*ASSIGNMENT:* In the entries, find all lines that hold the word "fnum" and copy them.
DATA PROVIDED START
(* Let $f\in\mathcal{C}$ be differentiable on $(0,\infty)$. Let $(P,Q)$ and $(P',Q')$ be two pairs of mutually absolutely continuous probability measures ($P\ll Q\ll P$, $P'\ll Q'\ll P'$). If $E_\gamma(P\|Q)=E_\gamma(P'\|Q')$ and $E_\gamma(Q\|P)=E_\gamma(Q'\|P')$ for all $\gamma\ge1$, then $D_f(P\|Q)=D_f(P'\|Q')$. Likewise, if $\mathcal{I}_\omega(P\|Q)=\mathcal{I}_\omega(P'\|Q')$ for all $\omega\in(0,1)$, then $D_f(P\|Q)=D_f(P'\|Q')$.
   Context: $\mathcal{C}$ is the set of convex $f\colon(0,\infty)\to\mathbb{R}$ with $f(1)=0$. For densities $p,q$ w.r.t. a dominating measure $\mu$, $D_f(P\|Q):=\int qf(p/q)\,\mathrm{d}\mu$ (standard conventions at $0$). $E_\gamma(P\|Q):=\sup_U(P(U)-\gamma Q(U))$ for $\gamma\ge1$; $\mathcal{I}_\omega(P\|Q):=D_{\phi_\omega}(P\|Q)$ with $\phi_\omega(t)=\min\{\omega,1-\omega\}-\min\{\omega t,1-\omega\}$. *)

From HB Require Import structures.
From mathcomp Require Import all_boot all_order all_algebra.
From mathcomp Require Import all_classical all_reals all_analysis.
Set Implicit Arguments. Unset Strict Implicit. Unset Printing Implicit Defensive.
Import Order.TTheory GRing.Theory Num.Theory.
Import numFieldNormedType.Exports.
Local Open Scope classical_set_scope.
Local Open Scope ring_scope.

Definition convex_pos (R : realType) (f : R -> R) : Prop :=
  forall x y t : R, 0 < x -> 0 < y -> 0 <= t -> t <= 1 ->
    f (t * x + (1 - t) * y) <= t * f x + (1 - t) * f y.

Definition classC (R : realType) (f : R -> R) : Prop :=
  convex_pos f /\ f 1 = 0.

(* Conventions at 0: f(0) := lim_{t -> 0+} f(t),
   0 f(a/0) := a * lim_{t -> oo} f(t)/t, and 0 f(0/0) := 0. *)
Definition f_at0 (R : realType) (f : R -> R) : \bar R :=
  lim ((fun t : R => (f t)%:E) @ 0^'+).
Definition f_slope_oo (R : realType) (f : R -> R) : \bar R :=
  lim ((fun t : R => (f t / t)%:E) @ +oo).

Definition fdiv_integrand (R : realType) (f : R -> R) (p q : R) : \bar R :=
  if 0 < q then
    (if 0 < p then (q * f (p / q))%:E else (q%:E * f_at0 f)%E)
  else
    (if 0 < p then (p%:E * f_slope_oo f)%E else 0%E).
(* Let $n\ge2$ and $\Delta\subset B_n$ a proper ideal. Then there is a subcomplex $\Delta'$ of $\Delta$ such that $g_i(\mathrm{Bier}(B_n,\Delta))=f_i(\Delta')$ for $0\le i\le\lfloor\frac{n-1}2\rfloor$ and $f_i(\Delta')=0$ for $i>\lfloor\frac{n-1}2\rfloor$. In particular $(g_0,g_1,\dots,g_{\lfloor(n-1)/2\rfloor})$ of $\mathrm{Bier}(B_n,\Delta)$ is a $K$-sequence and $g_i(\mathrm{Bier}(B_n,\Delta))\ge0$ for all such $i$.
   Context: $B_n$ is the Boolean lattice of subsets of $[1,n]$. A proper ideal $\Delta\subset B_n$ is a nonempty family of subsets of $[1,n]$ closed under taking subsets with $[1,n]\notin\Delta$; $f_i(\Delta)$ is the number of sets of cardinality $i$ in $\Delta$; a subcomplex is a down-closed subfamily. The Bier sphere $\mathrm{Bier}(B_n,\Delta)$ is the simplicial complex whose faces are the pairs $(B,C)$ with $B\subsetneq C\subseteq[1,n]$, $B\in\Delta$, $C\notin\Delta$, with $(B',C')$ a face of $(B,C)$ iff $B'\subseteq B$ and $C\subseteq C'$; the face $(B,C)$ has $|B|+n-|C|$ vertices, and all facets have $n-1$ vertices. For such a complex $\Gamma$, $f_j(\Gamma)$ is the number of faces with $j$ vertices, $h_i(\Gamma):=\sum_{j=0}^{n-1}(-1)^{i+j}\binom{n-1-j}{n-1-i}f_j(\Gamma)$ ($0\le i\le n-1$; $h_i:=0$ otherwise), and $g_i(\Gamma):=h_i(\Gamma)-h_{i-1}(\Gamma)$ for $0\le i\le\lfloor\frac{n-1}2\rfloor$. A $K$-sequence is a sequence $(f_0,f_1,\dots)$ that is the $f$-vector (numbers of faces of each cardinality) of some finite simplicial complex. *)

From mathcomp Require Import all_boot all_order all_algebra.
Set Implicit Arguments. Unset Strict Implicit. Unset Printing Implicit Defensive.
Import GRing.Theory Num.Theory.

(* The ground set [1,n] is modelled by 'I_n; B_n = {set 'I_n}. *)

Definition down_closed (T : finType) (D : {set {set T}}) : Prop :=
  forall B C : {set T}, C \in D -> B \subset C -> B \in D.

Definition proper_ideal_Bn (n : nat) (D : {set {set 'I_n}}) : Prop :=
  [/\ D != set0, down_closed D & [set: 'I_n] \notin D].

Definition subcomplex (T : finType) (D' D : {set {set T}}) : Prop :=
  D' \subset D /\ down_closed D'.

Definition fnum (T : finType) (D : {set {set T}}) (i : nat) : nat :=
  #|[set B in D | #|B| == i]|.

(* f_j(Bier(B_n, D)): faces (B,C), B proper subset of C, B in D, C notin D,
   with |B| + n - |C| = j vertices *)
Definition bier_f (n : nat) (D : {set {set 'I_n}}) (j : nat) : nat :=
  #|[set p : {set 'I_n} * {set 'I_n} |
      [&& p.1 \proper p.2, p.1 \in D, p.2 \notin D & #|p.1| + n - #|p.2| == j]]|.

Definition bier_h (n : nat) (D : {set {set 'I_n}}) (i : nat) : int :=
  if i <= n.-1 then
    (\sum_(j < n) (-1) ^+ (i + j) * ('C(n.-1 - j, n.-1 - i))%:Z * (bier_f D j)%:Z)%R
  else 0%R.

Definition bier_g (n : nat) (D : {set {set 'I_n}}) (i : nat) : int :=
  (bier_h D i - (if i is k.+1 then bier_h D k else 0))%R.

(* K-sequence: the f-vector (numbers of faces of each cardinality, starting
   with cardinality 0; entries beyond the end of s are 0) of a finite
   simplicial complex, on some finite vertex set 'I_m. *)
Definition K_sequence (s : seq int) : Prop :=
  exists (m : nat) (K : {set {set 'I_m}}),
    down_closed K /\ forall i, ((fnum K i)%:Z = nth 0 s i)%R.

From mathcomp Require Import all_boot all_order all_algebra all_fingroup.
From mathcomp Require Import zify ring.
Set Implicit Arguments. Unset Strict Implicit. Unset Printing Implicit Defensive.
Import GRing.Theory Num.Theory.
DATA PROVIDED END
*OUTPUT FOR THIS EXERCISE:*
Definition fnum (T : finType) (D : {set {set T}}) (i : nat) : nat :=
    down_closed K /\ forall i, ((fnum K i)%:Z = nth 0 s i)%R.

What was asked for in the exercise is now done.